Methods: From 1994 through 1999, patients undergoing lower extremity vein grafts by a single surgeon at a university hospital and an affiliated teaching hospital were placed in a prospective protocol for proximal infrageniculate native artery and graft surveillance through use of duplex scanning. The records of those patients with grafts originating distal to the common femoral artery were evaluated; they form the basis for this report. Arteriograms were obtained before bypass grafting, and no patient had a stenosis greater than 50% diameter reduction proximal to the graft origin. Follow-up scans were obtained from the common femoral artery through the graft and outflow artery. The peak systolic velocity and velocity ratio in an infrageniculate native artery proximal to the graft origin were recorded, as were the location and the time interval since the bypass graft. Repair of these proximal lesions was not performed during the course of this study. Revision of the bypass graft or its anastomoses was undertaken according to preestablished duplex scan criteria.

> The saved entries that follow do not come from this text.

(* Let $g:[0,1]^n\rightarrow\mathbb{R}$ be twice continuously differentiable (on an open neighborhood of $[0,1]^n$), and for $\boldsymbol{w}\in[0,1]^n$ let $H(\boldsymbol{w})$ denote the Hessian of $g$ at $\boldsymbol{w}$. Let $$K := \max_{\boldsymbol{w}\in[0,1]^n,\ i\in[n]} \Big|\sum_{j\neq i} H_{ij}(\boldsymbol{w})\Big|.$$ Then for every $i\in[n]$, $$\left|\int_{0}^1 \frac{\partial g}{\partial w_i}(t\mathbf{1})\, dt - \big(g(\mathbf{1}_i) - g(\mathbf{0})\big)\right| \le \frac{K}{2},$$ where $\mathbf{1}\in\mathbb{R}^n$ is the all-ones vector, $\mathbf{0}$ is the zero vector, and $\mathbf{1}_i$ is the $i$-th standard basis vector of $\mathbb{R}^n$.
   Context: $[n]=\{1,\dots,n\}$. The quantity $\int_0^1 \frac{\partial g}{\partial w_i}(t\mathbf{1})\,dt$ is the (path) integrated-gradients attribution of feature $i$ along the straight line from $\mathbf{0}$ to $\mathbf{1}$, and $g(\mathbf{1}_i)-g(\mathbf{0})$ is the marginal gain of feature $i$ at the empty set for the set function $G(S)=g(\mathbf{1}_S)$, where $\mathbf{1}_S\in\{0,1\}^n$ is the indicator vector of $S\subseteq[n]$. *)

From HB Require Import structures.
From mathcomp Require Import all_boot all_order all_algebra.
From mathcomp Require Import all_classical all_reals all_analysis.
Set Implicit Arguments. Unset Strict Implicit. Unset Printing Implicit Defensive.
Import Order.TTheory GRing.Theory Num.Theory.
Import numFieldNormedType.Exports.
Local Open Scope classical_set_scope.
Local Open Scope ring_scope.

Definition basis_vec (R : realType) (n : nat) (i : 'I_n) : 'rV[R]_n :=
  delta_mx 0 i.

Definition ones (R : realType) (n : nat) : 'rV[R]_n := const_mx 1.

Definition partial (R : realType) (n : nat) (i : 'I_n)
  (f : 'rV[R]_n -> R) : 'rV[R]_n -> R :=
  fun w => 'D_(@basis_vec R n i) f w.

Definition hessian (R : realType) (n : nat) (f : 'rV[R]_n -> R)
  (i j : 'I_n) (w : 'rV[R]_n) : R :=
  partial j (partial i f) w.

Definition unit_cube (R : realType) (n : nat) : set 'rV[R]_n :=
  [set w | forall k : 'I_n, 0 <= w 0 k <= 1].

Definition C2_on (R : realType) (n : nat) (U : set 'rV[R]_n)
  (f : 'rV[R]_n -> R) : Prop :=
  [/\ forall w, U w -> forall i : 'I_n, derivable f w (@basis_vec R n i),
      forall w, U w -> forall i j : 'I_n,
        derivable (partial i f) w (@basis_vec R n j) &
      forall (i j : 'I_n) w, U w -> {for w, continuous (hessian f i j)}].

Definition Kconst (R : realType) (n : nat) (f : 'rV[R]_n -> R) : R :=
  sup [set x : R | exists (w : 'rV[R]_n) (i : 'I_n), @unit_cube R n w /\
         x = `| \sum_(j < n | j != i) hessian f i j w | ].

From HB Require Import structures.
From mathcomp Require Import all_boot all_order all_algebra.
From mathcomp Require Import all_classical all_reals all_analysis.
From mathcomp Require Import ring.
Import Order.TTheory GRing.Theory Num.Theory.
Import numFieldNormedType.Exports.
Local Open Scope classical_set_scope.
Local Open Scope ring_scope.

(* Write d_i g (t 1) - d_i g (t e_i) as the increment of f := d_i g along the
   segment from t e_i to t 1.  Its direction t (1 - e_i) has no i-th
   component, so by the chain rule (valid since the partials of f are
   continuous) the derivative of f along it is t * sum_(j != i) H_ij at a
   point of the cube, and the mean value theorem bounds the increment by K t.
   The fundamental theorem of calculus gives
   int_0^1 d_i g (t e_i) dt = g e_i - g 0, and int_0^1 K t dt = K / 2. *)

Section RealLemmas.
Context {R : realType}.

Lemma continuous_sum (T : topologicalType) (I : finType) (P : pred I)
    (F : I -> T -> R) (x : T) :
  (forall j, {for x, continuous (F j)}) ->
  {for x, continuous (fun w => \sum_(j | P j) F j w)}.
Proof.
move=> cF; rewrite -fct_sumE.
apply: (big_ind (fun h : T -> R => {for x, continuous h})) => //.
- exact: cvg_cst.
- by move=> h1 h2; apply: continuousD.
Qed.

Lemma derivable1_continuous (h : R -> R) (t : R) :
  derivable h t 1 -> {for t, continuous h}.
Proof. by move=> /derivable1_diffP/differentiable_continuous. Qed.

Lemma mvt_increment_le (psi dpsi : R -> R) (a b L e : R) : a <= b ->
  (forall x, a <= x <= b -> is_derive x 1 psi (dpsi x) /\ `|dpsi x - L| <= e) ->
  `|psi b - psi a - (b - a) * L| <= e * (b - a).
Proof.
move=> ab H.
have [c] : exists2 c, c \in `[a, b] & psi b - psi a = dpsi c * (b - a).
  apply: MVT_segment => //.
    move=> x; rewrite in_itv /= => /andP[ax xb].
    by have /H[] : a <= x <= b by rewrite !ltW.
  apply: derivable_within_continuous => x; rewrite in_itv /= => /H[dx _].
  exact: ex_derive.
rewrite in_itv /= => /H[_ dc] ->.
by rewrite [_ * L]mulrC -mulrBl normrM [`|b - a|]ger0_norm ?subr_ge0 // ler_wpM2r ?subr_ge0.
Qed.

Lemma continuous_within_segment (h : R -> R) (a b : R) :
  (forall x, a <= x <= b -> {for x, continuous h}) ->
  {within `[a, b], continuous h}.
Proof.
by move=> ch; apply: continuous_in_subspaceT => x; rewrite inE /= in_itv => /ch.
Qed.

Lemma continuous_segment_integrable (h : R -> R) (a b : R) :
  (forall x, a <= x <= b -> {for x, continuous h}) ->
  lebesgue_measure.-integrable `[a, b] (EFin \o h).
Proof.
move=> ch; apply: continuous_compact_integrable; first exact: segment_compact.
exact: continuous_within_segment.
Qed.

Lemma Rintegral_is_derive (F f : R -> R) (a b : R) : a < b ->
  (forall x, a <= x <= b -> is_derive x 1 F (f x)) ->
  (forall x, a <= x <= b -> {for x, continuous f}) ->
  Rintegral lebesgue_measure `[a, b] f = F b - F a.
Proof.
move=> ab dF /continuous_within_segment cf.
have cF x : a <= x <= b -> {for x, continuous F}.
  by move/dF => dx; apply: derivable1_continuous.
rewrite /Rintegral (continuous_FTC2 (F := F) ab cf) //.
- split.
  + by move=> x; rewrite in_itv => /andP[ax xb]; case: (dF x); rewrite ?ltW.
  + by apply/cvg_at_right_filter/cF; rewrite lexx ltW.
  + by apply/cvg_at_left_filter/cF; rewrite lexx ltW.
- move=> x; rewrite in_itv => /andP[ax xb].
  by rewrite derive1E; case: (dF x); rewrite ?ltW.
Qed.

Results: During this time, 288 autogenous infrainguinal bypass grafts were performed, of which 159 originated below the common femoral artery; of these, 74 were from the superficial femoral artery, 29 from the profunda femoris artery, 49 from the popliteal artery, and 7 from a tibial artery. The maximum peak systolic velocity proximal to the graft origin was more than 250 in 38 arteries (25%) and more than 300 in 26 arteries (16%). The velocity ratio was 3.0 or more in 32 arteries at the same location as the peak systolic velocity and 3.5 or more in 23 arteries (15%), confirming hemodynamically significant stenoses at these sites. The location of peak systolic velocity was the common femoral artery in 81 patients (51%), the superficial femoral artery in 50 (31%), the popliteal artery in 22 (14%), and a tibial artery in 6 (4%). Follow-up ranged from 8 to 60 months (mean, 35 months). During follow-up, 19 patients died, 18 with patent grafts. Overall, nine grafts occluded. One of the occluded grafts had a velocity ratio greater than 3.0; this may have contributed to graft thrombosis. The other occlusions resulted from an unrepaired graft lesion in 2 patients, graft infection in 2 patients, and graft ligation necessitated by below-knee amputation in 2 patients. No cause for the occlusion could be identified in two of the grafts (neither had evidence of proximal arterial stenosis). Assisted primary patency rates were 95% and 91% at 3 and 5 years, respectively.
Conclusions: For grafts originating distal to the common femoral artery, stenoses proximal to the graft do not affect bypass graft patency and do not require repair to prevent graft occlusion. Surveillance of these lesions may therefore be unnecessary, inasmuch as the repair of proximal lesions should not be undertaken to preserve graft function.